Magnificent writing, nonetheless, makes the best case yet for putting McCarthy on a pedestal just below the one occupied by...

Almost as frustrating as it is commanding, McCarthy’s ninth (and first since the completion of his Border Trilogy: Cities of the Plain, 1998, etc.) is a formidable display of stunningly written scenes that don’t quite cohere into a fully satisfying narrative.

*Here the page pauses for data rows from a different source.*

(* Let $\Lambda$ be a rank-2 Bratteli diagram with levels $(V_n)$ and path groupoid $G$. There is a unique automorphism $\alpha$ of $\Lambda$ such that $\alpha(e) = \mathcal{F}^{m_n}(e)$ for all $n$ and all $e\in V_n\Lambda^{e_1}$. This $\alpha$ induces a homeomorphism, also denoted $\alpha$, of $\Lambda^\infty$ by $\alpha(x) = \alpha\circ x$, which in turn induces an automorphism $\alpha$ of the topological groupoid $G$ with $\alpha(x,m,y) = (\alpha(x),m,\alpha(y))$.
   Context: A 2-graph is a countable category $\Lambda$ with a functor $d:\Lambda\to\mathbb{N}^2$ satisfying the factorisation property; $\Lambda^m=d^{-1}(m)$, $\Lambda^0$ the vertices; row-finite means each $v\Lambda^m$ is finite. Blue edges: $\Lambda^{e_1}$; red edges: $\Lambda^{e_2}$. A cycle is $\lambda$ with $d(\lambda)\ne0$, $r(\lambda)=s(\lambda)$ and $s(\lambda')\ne s(\lambda)$ whenever $\lambda=\lambda'\lambda''$ with $0<d(\lambda')<d(\lambda)$; it is isolated if whenever $\lambda=\lambda'\lambda''$ with $d(\lambda')\ne0$, $r(\lambda)\Lambda^{d(\lambda')}\setminus\{\lambda'\}$ and $\Lambda^{d(\lambda'')}s(\lambda)\setminus\{\lambda''\}$ are empty. A rank-2 Bratteli diagram is a row-finite 2-graph whose vertex set is a disjoint union of nonempty finite sets $V_n$ ($n\ge0$) with: (1) each blue edge in some $V_n\Lambda^{e_1}V_{n+1}$; (2) the blue graph has no sources and all sinks in $V_0$; (3) every vertex lies on an isolated red cycle and $\Lambda^{e_2}=\bigcup_nV_n\Lambda^{e_2}V_n$. For $e\in\Lambda^{e_1}$ let $f$ be the unique element of $\Lambda^{e_2}r(e)$ and $\mathcal{F}(e)$ the unique blue edge with $fe=\mathcal{F}(e)f'$ for a red edge $f'$; $o(e)$ is the least $k>0$ with $\mathcal{F}^k(e)=e$; $O_n=\operatorname{lcm}\{o(e):e\in V_n\Lambda^{e_1}\}$; $m_0=0$, $m_{n+1}=m_n+nO_n$. An automorphism of $\Lambda$ is a degree-preserving bijective functor. $\Omega_2$ is the 2-graph with vertices $\mathbb{N}^2$ and morphisms $(n,n+m)$; $\Lambda^\infty$ is the set of degree-preserving functors $x:\Omega_2\to\Lambda$, $\sigma^p(x)(m,n)=x(m+p,n+p)$, and for $\lambda\in\Lambda$, $Z(\lambda)=\{\lambda z: z\in s(\lambda)\Lambda^\infty\}$ generates the topology. The path groupoid is $G=\{(x,l-m,y)\in\Lambda^\infty\times\mathbb{Z}^2\times\Lambda^\infty : \sigma^l(x)=\sigma^m(y)\}$ with $(x,n,y)(y,k,z)=(x,n+k,z)$, $(x,n,y)^{-1}=(y,-n,x)$, and topology with basic open sets $Z(\lambda,\mu)=\{(\lambda z,d(\lambda)-d(\mu),\mu z): z\in s(\lambda)\Lambda^\infty\}$ for $s(\lambda)=s(\mu)$. *)

From HB Require Import structures.
From mathcomp Require Import all_boot all_algebra.
From Stdlib Require Import ClassicalEpsilon List.
Set Implicit Arguments. Unset Strict Implicit. Unset Printing Implicit Defensive.

Definition N2 := (nat * nat)%type.
Definition zeroN2 : N2 := (0, 0)%N.
Definition e1 : N2 := (1, 0)%N.
Definition e2 : N2 := (0, 1)%N.
Definition addN2 (a b : N2) : N2 := (a.1 + b.1, a.2 + b.2)%N.
Definition subN2 (a b : N2) : N2 := (a.1 - b.1, a.2 - b.2)%N.
Definition leN2 (a b : N2) : bool := (a.1 <= b.1)%N && (a.2 <= b.2)%N.

Lemma leN2_refl (m : N2) : leN2 m m.
Proof. by rewrite /leN2 !leqnn. Qed.

Lemma leN2_0 (m : N2) : leN2 zeroN2 m.
Proof. by []. Qed.

Lemma leN2_addr (p : N2) (m n : N2) : leN2 m n -> leN2 (addN2 m p) (addN2 n p).
Proof. by rewrite /leN2 /addN2 /= !leq_add2r. Qed.

(** * 2-graphs: a countable category with a degree functor d : Lambda -> N^2
    satisfying the factorisation property.  [cmp f g] is the composite
    "f g" (first g, then f), meaningful when [src f = rng g]. *)
Record two_graph := TwoGraph {
  Obj : countType;
  Mor : countType;
  rng : Mor -> Obj;
  src : Mor -> Obj;
  idm : Obj -> Mor;
  cmp : Mor -> Mor -> Mor;
  deg : Mor -> N2;
  rng_idm : forall v, rng (idm v) = v;
  src_idm : forall v, src (idm v) = v;
  cmp_idl : forall f, cmp (idm (rng f)) f = f;
  cmp_idr : forall f, cmp f (idm (src f)) = f;
  rng_cmp : forall f g, src f = rng g -> rng (cmp f g) = rng f;
  src_cmp : forall f g, src f = rng g -> src (cmp f g) = src g;
  cmpA : forall f g h, src f = rng g -> src g = rng h ->
           cmp (cmp f g) h = cmp f (cmp g h);
  deg_idm : forall v, deg (idm v) = zeroN2;
  deg_cmp : forall f g, src f = rng g -> deg (cmp f g) = addN2 (deg f) (deg g);
  factorisation : forall (l : Mor) (m n : N2), deg l = addN2 m n ->
    exists! p : Mor * Mor,
      deg p.1 = m /\ deg p.2 = n /\ src p.1 = rng p.2 /\ l = cmp p.1 p.2
}.

Arguments rng {t}. Arguments src {t}. Arguments idm {t}. Arguments cmp {t}.
Arguments deg {t}.

Section TwoGraphDefs.
Variable L : two_graph.

Definition row_finite : Prop :=
  forall (v : Obj L) (m : N2), exists s : list (Mor L),
    forall l : Mor L, rng l = v -> deg l = m -> l \in s.

Definition is_blue (e : Mor L) : Prop := deg e = e1.
Definition is_red (f : Mor L) : Prop := deg f = e2.

Definition is_cycle (l : Mor L) : Prop :=
  deg l <> zeroN2 /\ rng l = src l /\
  forall l' l'' : Mor L, src l' = rng l'' -> l = cmp l' l'' ->
    deg l' <> zeroN2 -> deg l' <> deg l -> src l' <> src l.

It’s a bleak chronicle of murder, revenge and implacable fate pocked with numerous echoes of McCarthy’s great Blood Meridian (1985). Here, the story’s set in 1980 in southern Texas near the Mexican border, where aging Sheriff Bell, a decorated WWII veteran, broods heroically over the territory he’s sworn to protect, while—in a superb, sorrowful monologue—acknowledging the omnipresence of ineradicable evil all around him. Then the focus trains itself on Vietnam vet Llewellyn Moss, a hunter who stumbles upon several dead bodies, a stash of Mexican heroin and more than $2 million in cash that he absconds with. The tale then leaps among the hunted (Moss), an escaped killer (Anton Chigurh), whose crimes include double-crossing the drug cartel from which the money was taken, the Army Special Forces freelancer (Carson Wells) hired by druglords and—in dogged pursuit of all the horrors spawned by their several interactions—the intrepid, however flawed and guilty, stoical Sheriff Bell: perhaps the most fully human and sympathetic character McCarthy has ever created. The justly praised near-biblical style, an artful fusion of brisk declarative sentences and vivid, simple images, confers horrific intensity on the escalating violence and chaos, while precisely dramatizing the sense of nemesis that pursues and punishes McCarthy’s characters (scorpions in a sealed bottle). But this eloquent melodrama is seriously weakened by its insufficiently varied reiterated message: “if you were Satan . . . tryin to bring the human race to its knees, what you would probably come up with is narcotics.”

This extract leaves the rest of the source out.